Hypotheses
  (h_pos : 0 < h) (w_pos : 0 < w)
  (nbhds_disjoint : al + d < be - d /\ be + d < al + 1 - d)
  (arc_al_range : al - d <= s0 <= s1 /\ s1 <= al + d)
  (arc_be_range : be - d <= t0 <= t1 /\ t1 <= be + d)
  (box_near_al : forall t, near_al t -> (in_box t <-> s0 <= t <= s1))
  (box_near_be : forall t, near_be t -> (in_box t <-> t0 <= t <= t1))
  (box_elsewhere : forall t, al + d <= t <= be - d \/ be + d <= t <= al + 1 - d -> ~ in_box t)
  (gy_inj : forall u v, near_al u -> near_al v -> gy u = gy v -> u = v)
  (shear_inj : forall u v, near_be u -> near_be v -> F u = F v -> u = v)
  (branches_meet_at_p : forall u v, near_al u -> near_be v ->
     curve_pt gx gy u = curve_pt gx gy v -> curve_pt gx gy u = p)
  (arc_al_inside : forall t, s0 < t < s1 -> Rabs (gy t - py) < h)
  (arc_al_narrow : forall t, s0 <= t <= s1 -> Rabs (F t - px) < w)
  (arc_be_inside : forall t, t0 < t < t1 -> Rabs (F t - px) < w)
  (arc_be_narrow : forall t, t0 <= t <= t1 -> Rabs (gy t - py) < h)
  (arc_al_bottom : exists t, s0 <= t <= s1 /\ gy t = py - h)
  (arc_al_top : exists t, s0 <= t <= s1 /\ gy t = py + h)
  (arc_be_left : exists t, t0 <= t <= t1 /\ F t = px - w)
  (arc_be_right : exists t, t0 <= t <= t1 /\ F t = px + w).

Lemma in_par_curve_pt t :
  in_par (py - h) (py + h) (px - w) (px + w) c (curve_pt gx gy t) <-> in_box t.
Proof. unfold in_par, in_box, F; simpl. rewrite !Rabs_le_between'. tauto. Qed.

Lemma in_par_interior_curve_pt t :
  in_par_interior (py - h) (py + h) (px - w) (px + w) c (curve_pt gx gy t) <->
  Rabs (gy t - py) < h /\ Rabs (F t - px) < w.
Proof. unfold in_par_interior, F; simpl. rewrite !Rabs_lt_between'. tauto. Qed.

Lemma in_box_periodic (k : Z) t : in_box (t + IZR k) <-> in_box t.
Proof.
  unfold in_box. now rewrite shear_periodic, (periodic_IZR _ gy_per).
Qed.

Lemma in_box_iff_arcs t :
  in_box t <-> exists k : Z, s0 <= t + IZR k <= s1 \/ t0 <= t + IZR k <= t1.
Proof.
  split.
  - intro Hin. destruct (shift_into_period al t) as [k Hk].
    rewrite <- (in_box_periodic k) in Hin.
    destruct (Rle_dec (t + IZR k) (al + d)) as [H1 | H1];
      [exists k; left; apply box_near_al; unfold near_al; [lra | exact Hin]|].
    destruct (Rle_dec (t + IZR k) (be - d)) as [H2 | H2];
      [exfalso; apply (box_elsewhere (t + IZR k)); [lra | exact Hin]|].
    destruct (Rle_dec (t + IZR k) (be + d)) as [H3 | H3];
      [exists k; right; apply box_near_be; unfold near_be; [lra | exact Hin]|].
    destruct (Rle_dec (t + IZR k) (al + 1 - d)) as [H4 | H4];
      [exfalso; apply (box_elsewhere (t + IZR k)); [lra | exact Hin]|].
    exists (k - 1)%Z. left. rewrite minus_IZR.
    replace (t + (IZR k - 1)) with (t + IZR k + IZR (-1)) by (simpl; ring).
    rewrite <- (in_box_periodic (-1)) in Hin.
    apply box_near_al; unfold near_al; [simpl in *; lra | exact Hin].
  - intros [k [Hk | Hk]]; apply (in_box_periodic k).
    + apply box_near_al; unfold near_al; [lra | exact Hk].
    + apply box_near_be; unfold near_be; [lra | exact Hk].
Qed.

Lemma double_point_in_box q : is_double_point gx gy q ->
  in_par (py - h) (py + h) (px - w) (px + w) c q -> q = p.
Proof.
  intros (u & v & Hu & Huv & Hv & <- & Cv) Hq.
  assert (Hq' := Hq). rewrite <- Cv in Hq'.
  apply in_par_curve_pt, in_box_iff_arcs in Hq as [k [Hk | Hk]];
  apply in_par_curve_pt, in_box_iff_arcs in Hq' as [l [Hl | Hl]];
  rewrite <- (curve_pt_periodic _ _ gx_per gy_per k u) in Cv |- *;
  rewrite <- (curve_pt_periodic _ _ gx_per gy_per l v) in Cv.
  - exfalso. apply (IZR_not_in_01 (k - l)). rewrite minus_IZR.
    assert (u + IZR k = v + IZR l); [|lra].
    apply gy_inj; unfold near_al; try lra. apply (proj1 (curve_pt_eq_iff _ _) (eq_sym Cv)).
  - apply (branches_meet_at_p _ (v + IZR l)); unfold near_al, near_be;
      [lra | lra | now symmetry].
  - rewrite <- Cv. apply (branches_meet_at_p _ (u + IZR k)); unfold near_al, near_be;
      [lra | lra | exact Cv].
  - exfalso. apply (IZR_not_in_01 (k - l)). rewrite minus_IZR.
    assert (u + IZR k = v + IZR l); [|lra].
    apply shear_inj; unfold near_be; try lra. apply (proj1 (curve_pt_eq_iff _ _) (eq_sym Cv)).
Qed.

Lemma box_no_corner t :
  ~ is_corner (py - h) (py + h) (px - w) (px + w) c (curve_pt gx gy t).
Proof.
  unfold is_corner; simpl. change (gx t - c * gy t) with (F t). intros [Hy HF].
  assert (Hin : in_box t).
  { split; apply Rabs_le_between'; destruct Hy, HF; lra. }
  apply in_box_iff_arcs in Hin as [k [Hk | Hk]].
  - assert (X := arc_al_narrow _ Hk). rewrite shear_periodic in X.
    apply Rabs_lt_between' in X. destruct HF; lra.
  - assert (X := arc_be_narrow _ Hk). rewrite (periodic_IZR _ gy_per) in X.
    apply Rabs_lt_between' in X. destruct Hy; lra.
Qed.

Lemma arc_al_unique_level y : (exists t, s0 <= t <= s1 /\ gy t = y) ->
  exists! t, s0 <= t <= s1 /\ gy t = y /\ px - w <= F t <= px + w.
Proof.
  intros [t [Ht Et]]. exists t. split.
  - split; [exact Ht | split; [exact Et |]]. apply Rabs_le_between', Rlt_le, arc_al_narrow, Ht.
  - intros t' (Ht' & Et' & _). apply gy_inj; unfold near_al; lra.
Qed.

▶ **WORK ORDER**
Every line of the listing above that includes "exists" should be copied out.

▶ **RESPONSE**
  (arc_al_bottom : exists t, s0 <= t <= s1 /\ gy t = py - h)
  (arc_al_top : exists t, s0 <= t <= s1 /\ gy t = py + h)
  (arc_be_left : exists t, t0 <= t <= t1 /\ F t = px - w)
  (arc_be_right : exists t, t0 <= t <= t1 /\ F t = px + w).
  in_box t <-> exists k : Z, s0 <= t + IZR k <= s1 \/ t0 <= t + IZR k <= t1.
      [exists k; left; apply box_near_al; unfold near_al; [lra | exact Hin]|].
      [exists k; right; apply box_near_be; unfold near_be; [lra | exact Hin]|].
    exists (k - 1)%Z. left. rewrite minus_IZR.
Lemma arc_al_unique_level y : (exists t, s0 <= t <= s1 /\ gy t = y) ->
  exists! t, s0 <= t <= s1 /\ gy t = y /\ px - w <= F t <= px + w.
  intros [t [Ht Et]]. exists t. split.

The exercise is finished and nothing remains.